──────── SUPPLIED ENTRIES ────────

(* Let $[0,1,\dots,k]$ be a hierarchical-leadership flock, and let $x_i,v_i:[0,\infty)\to\mathbb{R}^3$ ($0\le i\le k$) satisfy \[\dot x_i=v_i,\qquad \dot v_i=\sum_{j\in\mathcal{L}(i)}a_{ij}(x)(v_j-v_i),\qquad i=1,\dots,k,\] \[\dot x_0=v_0,\qquad \dot v_0=f(t),\qquad t>0,\] with $a_{ij}(x)=H/(1+|x_i-x_j|^2)^{\beta}$ for $j\in\mathcal{L}(i)$, where $H>0$ and $0<\beta<1/2$, and $|f(t)|=O((1+t)^{-\mu})$ with $\mu>k+1$. Then there exist constant vectors $d_{ij}\in\mathbb{R}^3$, $0\le i,j\le k$, such that \[\lim_{t\to\infty}\big(x_i(t)-x_j(t)\big)=d_{ij}\quad\text{for all }0\le i,j\le k,\] with convergence rate $O\big((1+t)^{-(\mu-k-1)}\big)$.
   Context: A flock $[0,1,\dots,k]$ is under hierarchical leadership if $j\in\mathcal{L}(i)$ (agent $i$ is led by agent $j$) only if $j<i$, and every agent $i>0$ has a nonempty leader set $\mathcal{L}(i)$. *)

From HB Require Import structures.
From mathcomp Require Import all_boot all_order all_algebra.
From mathcomp Require Import all_classical all_reals all_analysis.
Set Implicit Arguments. Unset Strict Implicit. Unset Printing Implicit Defensive.
Import Order.TTheory GRing.Theory Num.Theory.
Import numFieldNormedType.Exports.
Local Open Scope ring_scope.

Definition sqnorm3 {R : realType} (u : 'rV[R]_3) : R := \sum_(c < 3) u 0 c ^+ 2.

Definition enorm3 {R : realType} (u : 'rV[R]_3) : R := Num.sqrt (sqnorm3 u).

(* Hierarchical leadership of the flock [0,1,...,k]: L i j means "agent i is
   led by agent j", i.e. j \in L(i). *)
Definition hierarchical_leadership (k : nat) (L : 'I_k.+1 -> 'I_k.+1 -> bool) : Prop :=
  (forall i j : 'I_k.+1, L i j -> (j < i)%N) /\
  (forall i : 'I_k.+1, (0 < i)%N -> exists j, L i j).

Definition cs_weight {R : realType} (H beta : R) (xi xj : 'rV[R]_3) : R :=
  H / (1 + sqnorm3 (xi - xj)) `^ beta.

────────

Line by line, give the material above again exactly.

(* Let $[0,1,\dots,k]$ be a hierarchical-leadership flock, and let $x_i,v_i:[0,\infty)\to\mathbb{R}^3$ ($0\le i\le k$) satisfy \[\dot x_i=v_i,\qquad \dot v_i=\sum_{j\in\mathcal{L}(i)}a_{ij}(x)(v_j-v_i),\qquad i=1,\dots,k,\] \[\dot x_0=v_0,\qquad \dot v_0=f(t),\qquad t>0,\] with $a_{ij}(x)=H/(1+|x_i-x_j|^2)^{\beta}$ for $j\in\mathcal{L}(i)$, where $H>0$ and $0<\beta<1/2$, and $|f(t)|=O((1+t)^{-\mu})$ with $\mu>k+1$. Then there exist constant vectors $d_{ij}\in\mathbb{R}^3$, $0\le i,j\le k$, such that \[\lim_{t\to\infty}\big(x_i(t)-x_j(t)\big)=d_{ij}\quad\text{for all }0\le i,j\le k,\] with convergence rate $O\big((1+t)^{-(\mu-k-1)}\big)$.
   Context: A flock $[0,1,\dots,k]$ is under hierarchical leadership if $j\in\mathcal{L}(i)$ (agent $i$ is led by agent $j$) only if $j<i$, and every agent $i>0$ has a nonempty leader set $\mathcal{L}(i)$. *)

From HB Require Import structures.
From mathcomp Require Import all_boot all_order all_algebra.
From mathcomp Require Import all_classical all_reals all_analysis.
Set Implicit Arguments. Unset Strict Implicit. Unset Printing Implicit Defensive.
Import Order.TTheory GRing.Theory Num.Theory.
Import numFieldNormedType.Exports.
Local Open Scope ring_scope.

Definition sqnorm3 {R : realType} (u : 'rV[R]_3) : R := \sum_(c < 3) u 0 c ^+ 2.

Definition enorm3 {R : realType} (u : 'rV[R]_3) : R := Num.sqrt (sqnorm3 u).

(* Hierarchical leadership of the flock [0,1,...,k]: L i j means "agent i is
   led by agent j", i.e. j \in L(i). *)
Definition hierarchical_leadership (k : nat) (L : 'I_k.+1 -> 'I_k.+1 -> bool) : Prop :=
  (forall i j : 'I_k.+1, L i j -> (j < i)%N) /\
  (forall i : 'I_k.+1, (0 < i)%N -> exists j, L i j).

Definition cs_weight {R : realType} (H beta : R) (xi xj : 'rV[R]_3) : R :=
  H / (1 + sqnorm3 (xi - xj)) `^ beta.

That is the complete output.